Door het ontbreken van kennis over de oorzaak van MS is er (nog) geen behandeling of medicijn beschikbaar om MS werkelijk te genezen. De beschikbare behandeling bestaat vooral uit het voorschrijven van medicijnen. Deze medicijnen, voorgeschreven door de neuroloog, verminderen de stoornis van het afweersysteem. Alle op dit moment in omloop zijnde medicijnen gaan uit van een ‘vermoedelijke oorzaak’ en verkeren nog in een onderzoeksstaduim of hebben althans nog niet bewezen afdoende te helpen.

7.2.1 Behandeling van opflakkeringen

Corticosteroïden hebben een sterk ontstekingsremmend effect en kunnen de ernst en de duur van een opflakkering verminderen. Ze worden vaak toegediend bij opflakkeringen (in principe enkel bij matige of ernstige opflakkeringen). Doorgaans wordt 500 tot 1000 mg methylprednisolone per dag via een baxter toegediend en dit gedurende 3 tot 7 dagen. Over het algemeen treden bij een kuur van corticosteroïden geen ernstige bijwerkingen op, met name omdat het om korte kuren gaat. Bij langdurig gebruik kunnen wel ernstige bijwerkingen optreden, zoals botontkalking, suikerziekte en gewichtstoename. Vanwege deze bijwerkingen, schrijven de meeste artsen een dergerlijke kuur niet vaker dan twee maal per jaar voor.

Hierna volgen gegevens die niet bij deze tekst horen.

Lemma geom_cdf_mono (p : R) k K : 0 <= p <= 1 -> (k <= K)%N -> geom_cdf p k <= geom_cdf p K.
Proof.
move=> /andP [p0 p1] kK; rewrite lerB // ler_wiXn2l ?subr_ge0 //.
by rewrite lerBlDr lerDl.
Qed.

End GeometricCdf.

Section LogConcavity.
Variable R : realType.

Lemma le_at_derive_sign_change (f df : R -> R) (a s0 : R) :
  (forall x : R, is_derive x 1 f (df x)) ->
  (forall x, a <= x <= s0 -> 0 <= df x) -> (forall x, s0 <= x -> df x <= 0) ->
  forall s, a <= s -> f s <= f s0.
Proof.
move=> fdf df_ge0 df_le0 s a_s.
have fcont (b c : R) : {within `[b, c], continuous f}.
  apply/continuous_subspaceT => x; apply/differentiable_continuous/derivable1_diffP.
  by apply: ex_derive; exact: fdf.
case: (leP s s0) => [ss0|/ltW s0s].
  have [c] := MVT_segment ss0 (fun x _ => fdf x) (fcont _ _).
  rewrite in_itv /= => /andP [sc cs0] E.
  by rewrite -subr_ge0 E mulr_ge0 ?subr_ge0 // df_ge0 // (le_trans a_s sc).
have [c] := MVT_segment s0s (fun x _ => fdf x) (fcont _ _).
rewrite in_itv /= => /andP [s0c _] E.
by rewrite -subr_le0 E mulr_le0_ge0 ?subr_ge0 // df_le0.
Qed.

Let u (s : R) : R := 1 - expR (- s).

Let u_ge0 s : 0 <= s -> 0 <= u s.
Proof. by move=> s0; rewrite subr_ge0 expR_le1 oppr_le0. Qed.

Let u_mono : {homo u : a b / a <= b}.
Proof. by move=> a b ab; rewrite lerB // ler_expR lerN2. Qed.

Lemma is_derive_tilted_geom_cdf k kap (x : R) :
  is_derive x 1 (fun s => geom_cdf (expR (- s)) k.+1 * expR (kap * s))
    (expR (kap * x) * expR (- x) * (kap * powsum k.+1 (u x) - k.+1%:R * u x ^+ k)).
Proof.
have dexpN : is_derive x 1 (fun s : R => expR (- s)) (- expR (- x)).
  have := is_derive1_comp (is_derive_expR (- x)) (is_deriveNid x 1).
  by rewrite mulrN1.
have dexpM : is_derive x 1 (fun s : R => expR (kap * s)) (expR (kap * x) * kap).
  have dM : is_derive x 1 (fun s : R => kap * s) kap.
    by have := is_deriveZ kap (is_derive_id x 1); rewrite /GRing.scale /= mulr1.
  exact: is_derive1_comp (is_derive_expR _) dM.
have du : is_derive x 1 u (expR (- x)).
  by have := is_deriveB (is_derive_cst (1 : R) x 1) dexpN; rewrite sub0r opprK.
have dcdf : is_derive x 1 (fun s => 1 - u s ^+ k.+1)
    (- (k.+1%:R * u x ^+ k * expR (- x))).
  have := is_deriveB (is_derive_cst (1 : R) x 1) (is_deriveX k.+1 du).
  by rewrite sub0r /GRing.scale /= exprfctE.
have := is_deriveM dcdf dexpM; move/is_derive_eq; apply.
have ue : 1 - u x = expR (- x) by rewrite /u; ring.
rewrite /GRing.scale /= subX_powsum ue; ring.
Qed.

(* Log-concavity in tangent form. Taking for [kap] the negated logarithmic derivative at
   [s0], the tilted function [geom_cdf (expR (- s)) k * expR (kap * s)] increases up to [s0]
   and decreases after it, because [u ^+ k.-1 / powsum k u] is nondecreasing in [u]. *)
Lemma geom_cdf_expN_tangent k (s0 : R) : 0 <= s0 -> exists kap : R, forall s, 0 <= s ->
  geom_cdf (expR (- s)) k <= geom_cdf (expR (- s0)) k * expR (kap * (s0 - s)).
Proof.
move=> s0_ge0.
case: k => [|k]; first by exists 0 => s _; rewrite /geom_cdf !expr0 subrr mul0r.
pose kap := k.+1%:R * u s0 ^+ k / powsum k.+1 (u s0).
have S0 : 0 < powsum k.+1 (u s0) by rewrite (lt_le_trans ltr01) ?powsum_ge1 ?u_ge0.
exists kap => s s_ge0.
rewrite mulrBr expRB mulrA ler_pdivlMr ?expR_gt0 //.
apply: (le_at_derive_sign_change (is_derive_tilted_geom_cdf k kap)) s_ge0 => x.
  move=> /andP [x0 xs0]; rewrite mulr_ge0 ?mulr_ge0 ?expR_ge0 // subr_ge0.
  rewrite mulrAC ler_pdivlMr // -!mulrA ler_wpM2l //.
  by apply: (powsum_cross k.+1); rewrite ?u_ge0 ?u_mono.
move=> s0x; rewrite mulr_ge0_le0 ?mulr_ge0 ?expR_ge0 // subr_le0.
rewrite mulrAC ler_pdivrMr // -!mulrA ler_wpM2l //.
by apply: (powsum_cross k.+1); rewrite ?u_ge0 ?u_mono.
Qed.

Lemma prod_geom_cdf_expN_le k n (v : 'I_n -> R) (m : R) : (0 < n)%N ->
  (forall i, 0 <= v i) -> \sum_i v i = n%:R * m ->
  \prod_i geom_cdf (expR (- v i)) k <= geom_cdf (expR (- m)) k ^+ n.
Proof.
move=> n0 v0 sv.
have m0 : 0 <= m.
  have : 0 <= n%:R * m by rewrite -sv; apply: sumr_ge0 => i _.
  by rewrite pmulr_rge0 // ltr0n.
have [kap tangent] := geom_cdf_expN_tangent k m0.
apply: (@le_trans _ _ (\prod_i (geom_cdf (expR (- m)) k * expR (kap * (m - v i))))).
  apply: ler_prod => i _; rewrite tangent ?v0 // andbT geom_cdf_ge0 //.
  by rewrite expR_ge0 expR_le1 oppr_le0 v0.
have sum0 : \sum_i kap * (m - v i) = 0.
  by rewrite -mulr_sumr sumrB sv sumr_const card_ord mulr_natl subrr mulr0.
by rewrite big_split /= prodr_const card_ord -expR_sum sum0 expR0 mulr1.
Qed.

End LogConcavity.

7.2.2 Behandelingen met invloed op het ziekteproces

· Bèta-interferon

Wat is bèta-interferon en hoe werkt het? Interferonen zijn eiwitten* die normaal in het lichaam voorkomen. Zij spelen een belangrijke rol in de regeling en de werking van het afweersysteem van ons lichaam. (Dat is het zogenaamde immuunsysteem dat ons beschermt tegen ontsteking en ziekte.) Er bestaan drie soorten interferonen - alfa, bèta en gamma - en alle drie hebben ze een regulerende werking, zowel op de stimulatie als op de onderdrukking van ons immuunsysteem. Bij multiple sclerose is er sprake van een abnormale afweerreactie waardoor ontstekingen ontstaan van de myeline rond de zenuwdraden in de hersenen en het ruggemerg. Vele onderzoekers denken dat gamma-interferon een belangrijke rol speelt in het ontstaan van de abnormale afweerreactie en het afbreken van de myeline rond de zenuwdraden. Bèta-interferon daarentegen, zou de schadelijke werking van gamma-interferon onderdrukken. (Alfa-interferon zou ook een onderdrukkende werking hebben op gamma-interferon.) Het exacte werkingsmechanisme van interferon bèta is nog niet gekend, maar duidelijk is dat het tot de onderdrukking van het ontstekingsproces leidt. Bèta-interferon wordt via biotechnologische methodes aangemaakt. Er bestaan twee soorten bèta-interferon: bèta-interferon 1a en bèta-interferon 1b. Bèta-interferon 1b (Betaferon®) wordt gekweekt op bacteriële cellijnen en verschilt licht van het menselijke bèta-interferon. Het bèta-interferon 1a (Avonex®, Rebif®), dat gekweekt wordt in zoogdiercellen, heeft ongeveer dezelfde samenstelling als het menselijke bèta-interferon. Bèta-interferon is enkel werkzaam indien het via injecties toegediend wordt. Avonex® wordt in de spier (intramusculair) geïnjecteerd, Betaferon® en Rebif®, onderhuids (subcutaan). In ons land worden Betaferon®, Avonex® en Rebif® terugbetaald onder welbepaalde voorwaarden: de patiënt heeft een bewezen MS van het relapsing-remitting type, waarbij hij minstens twee opflakkeringen doormaakte gedurende de voorbije 2 jaren. Deze opflakkeringen hebben een behandeling met corticosteroïden vereist. Verder dient de patiënt ambulant te zijn. Dit betekent dat hij meer dan 100 meter kan stappen zonder hulp. (Zonder terugbetaling zou de behandeling aan de patiënt 842,84 tot 892,41 euro per maand kosten, wat neerkomt op een jaarlijkse kost van 11 155 euro.)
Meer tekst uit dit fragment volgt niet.